[Information shown]

Lemma act_data_of_vcat_corresponds (t : SkewVCatData H) :
  SkewVCatLaws V A H t -> corresponds (act_data_of_vcat t) t.
Proof.
  intro LV. split; [|intro B; symmetry; apply phiK]. intros. cbn [aa act_data_of_vcat].
  symmetry.
  rewrite phi_nat_B, phiK, compA, (vM_nat _ _ _ _ LV), ehomm_id1, <- compA, <- tensmM,
    id_comp, <- phi_eta.
  rewrite phi_nat_A, phiK, tensm_compl, compA, (vM_dinat _ _ _ _ LV), <- compA, <- tensmM,
    id_comp, <- phi_eta, phiK.
  reflexivity.
Qed.

Section Transfer.
Variables (s : SkewActData ac) (t : SkewVCatData H).
Hypothesis st : corresponds s t.

Lemma phi_comp_aa {X Y : V} {B C D : A} (f : hom (act ac X C) D) (g : hom (act ac Y B) C) :
  φ (f ∘ actm ac (idm X) g ∘ aa s X Y B) = vM t B C D ∘ tensm V (φ f) (φ g).
Proof. rewrite (vM_tensm _ _ st), !phi_invK. reflexivity. Qed.
Lemma phi_actm_aa {X Y : V} {B C : A} (g : hom (act ac Y B) C) :
  φ (actm ac (idm X) g ∘ aa s X Y B) = vM t B C _ ∘ tensm V (η X C) (φ g).
Proof. unfold eta_unit. rewrite <- phi_comp_aa, id_comp. reflexivity. Qed.
Lemma phi_postcomp_aa {X Y : V} {B D : A} (f : hom (act ac X (act ac Y B)) D) :
  φ (f ∘ aa s X Y B) = vM t B _ D ∘ tensm V (φ f) (η Y B).
Proof. unfold eta_unit. rewrite <- phi_comp_aa, actm_id1, comp_id. reflexivity. Qed.
Lemma phi_aa (X Y : V) (B : A) :
  φ (aa s X Y B) = vM t B _ _ ∘ tensm V (η X _) (η Y B).
Proof. rewrite <- (id_comp (aa s X Y B)), phi_postcomp_aa. reflexivity. Qed.
Lemma vM_counit (B C D : A) :
  vM t B C D = φ (counit C D ∘ actm ac (idm _) (counit B C) ∘ aa s _ _ B).
Proof. rewrite <- (comp_id (vM t B C D)), <- tensm_id1, (vM_tensm _ _ st). reflexivity. Qed.
Lemma vM_eta_unit (Y : V) (B C : A) :
  vM t B (act ac Y B) C ∘ tensm V (idm _) (η Y B) = φ (counit _ _ ∘ aa s _ Y B).
Proof.
  rewrite (vM_tensm _ _ st), phi_inv_eta. fold (counit (act ac Y B) C).
  rewrite actm_id1, comp_id. reflexivity.
Qed.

[/Information shown]

About this exercise:
Retype the material exactly.

Written solution:
Lemma act_data_of_vcat_corresponds (t : SkewVCatData H) :
  SkewVCatLaws V A H t -> corresponds (act_data_of_vcat t) t.
Proof.
  intro LV. split; [|intro B; symmetry; apply phiK]. intros. cbn [aa act_data_of_vcat].
  symmetry.
  rewrite phi_nat_B, phiK, compA, (vM_nat _ _ _ _ LV), ehomm_id1, <- compA, <- tensmM,
    id_comp, <- phi_eta.
  rewrite phi_nat_A, phiK, tensm_compl, compA, (vM_dinat _ _ _ _ LV), <- compA, <- tensmM,
    id_comp, <- phi_eta, phiK.
  reflexivity.
Qed.

Section Transfer.
Variables (s : SkewActData ac) (t : SkewVCatData H).
Hypothesis st : corresponds s t.

Lemma phi_comp_aa {X Y : V} {B C D : A} (f : hom (act ac X C) D) (g : hom (act ac Y B) C) :
  φ (f ∘ actm ac (idm X) g ∘ aa s X Y B) = vM t B C D ∘ tensm V (φ f) (φ g).
Proof. rewrite (vM_tensm _ _ st), !phi_invK. reflexivity. Qed.
Lemma phi_actm_aa {X Y : V} {B C : A} (g : hom (act ac Y B) C) :
  φ (actm ac (idm X) g ∘ aa s X Y B) = vM t B C _ ∘ tensm V (η X C) (φ g).
Proof. unfold eta_unit. rewrite <- phi_comp_aa, id_comp. reflexivity. Qed.
Lemma phi_postcomp_aa {X Y : V} {B D : A} (f : hom (act ac X (act ac Y B)) D) :
  φ (f ∘ aa s X Y B) = vM t B _ D ∘ tensm V (φ f) (η Y B).
Proof. unfold eta_unit. rewrite <- phi_comp_aa, actm_id1, comp_id. reflexivity. Qed.
Lemma phi_aa (X Y : V) (B : A) :
  φ (aa s X Y B) = vM t B _ _ ∘ tensm V (η X _) (η Y B).
Proof. rewrite <- (id_comp (aa s X Y B)), phi_postcomp_aa. reflexivity. Qed.
Lemma vM_counit (B C D : A) :
  vM t B C D = φ (counit C D ∘ actm ac (idm _) (counit B C) ∘ aa s _ _ B).
Proof. rewrite <- (comp_id (vM t B C D)), <- tensm_id1, (vM_tensm _ _ st). reflexivity. Qed.
Lemma vM_eta_unit (Y : V) (B C : A) :
  vM t B (act ac Y B) C ∘ tensm V (idm _) (η Y B) = φ (counit _ _ ∘ aa s _ Y B).
Proof.
  rewrite (vM_tensm _ _ st), phi_inv_eta. fold (counit (act ac Y B) C).
  rewrite actm_id1, comp_id. reflexivity.
Qed.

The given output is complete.